Baker was also a murderer of white men. While white Confederates didn't chase him for killing blacks, they did so for killing whites. Citizen militias formed in places like Rondo and Bright Star. Union troops placed a substantial bounty on his head. Baker finally met his violent end in 1869 when a posse, led by Thomas Orr, showed up at Baker's father-in-law's house in Bloomburg and shot him to pieces. The posse then dragged the body to Jefferson (Marion County, TX), where Thomas Orr collected the reward.


Apologists, Go Home

I have been asked to change the narrative of this essay because "Cullen Baker has been maligned" and that certain facts, which I culled from Orr's book and Quinn's interview, are disputed by Baker's family. While I freely acknowledge that Orr and Quinn could have been mistaken on some of the facts, I am nonplussed that people try to apologize for this person. It's a typical, selective narrative for apologists of "victimhood" that deny the troubles and difficulties for other groups but themselves. They only give creedence when it fits their own biases and conceptions. What makes Quinn's narrative questionable to them -- that it was a black man's word?

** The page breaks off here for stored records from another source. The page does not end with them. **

Lemma scale_fun_ge0_le (R : realType) (gamma sigma : R)
    (pi : {measure set (measurableTypeR R) -> \bar R}) (W : R -> R) :
  {within `[0, +oo[, continuous W} ->
  {in `[0, +oo[ &, forall x y, x < y -> W x < W y} ->
  (forall q, 0 < q ->
     (\int[@lebesgue_measure R]_(y in `[0%R, +oo[) (expR (- (q * y)) * W y)%:E
      = ((Psi gamma sigma pi q)^-1)%:E)%E) ->
  0 < gamma ->
  forall y, 0 <= y -> 0 <= W y <= 2 * expR 1 * gamma^-1.
Proof.
move=> W_cont W_inc lapW gamma_gt0; have W_nd := ltW_homo_in W_inc.
have Psi_ge q : 0 < q -> 0 < gamma * q <= Psi gamma sigma pi q.
  by move=> q0; rewrite mulr_gt0 ?Psi_ge_drift.
have W0 : 0 <= W 0.
  apply: (laplace_gt0_ge0_at0 W_nd W_cont) => q q0.
  exists (Psi gamma sigma pi q)^-1; last exact: lapW.
  by have /andP[g0 gP] := Psi_ge q q0; rewrite invr_gt0 (lt_le_trans g0).
have W_ge0 y : 0 <= y -> 0 <= W y.
  by move=> y0; apply: le_trans W0 (W_nd _ _ _ _ y0); rewrite ?in_itv /= ?andbT.
move=> y y0; rewrite W_ge0 //=; apply: (laplace_le_bounded W_nd W_ge0) y0 => q q0.
rewrite lapW // lee_fin; have /andP[g0 gP] := Psi_ge q q0.
by rewrite -invfM lef_pV2 ?posrE // (lt_le_trans g0).
Qed.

Cullen Baker was a truly despicable man. The complicity of whites and Doc Quinn, who helped him commit his horrendous acts, was not much better. Baker's notoriety is still acknowledged in some parts of East Texas and southern Arkansas; there's even a "Cullen Baker Festival" held annually in Bloomburg, Cass County, Texas. Orr and Baker's confrontation is reenacted, and the festival benefits the community' volunteer fire department. At least some good can come from this monster.


Newspaper
Newspapers reported on Cullen's death but portrayed him as a wayward "desperado" instead of the serial killer he was. This 1869 newspaper account actually made up scenarios, with dialogue, to romanticize Baker. Baker's treatment by the press and later, by local historians, helped to mythologize the murderous and supremacist gangs of the post-Civil-War period, creating of narratives of "valor" and "lost cause" that have no basis in truth.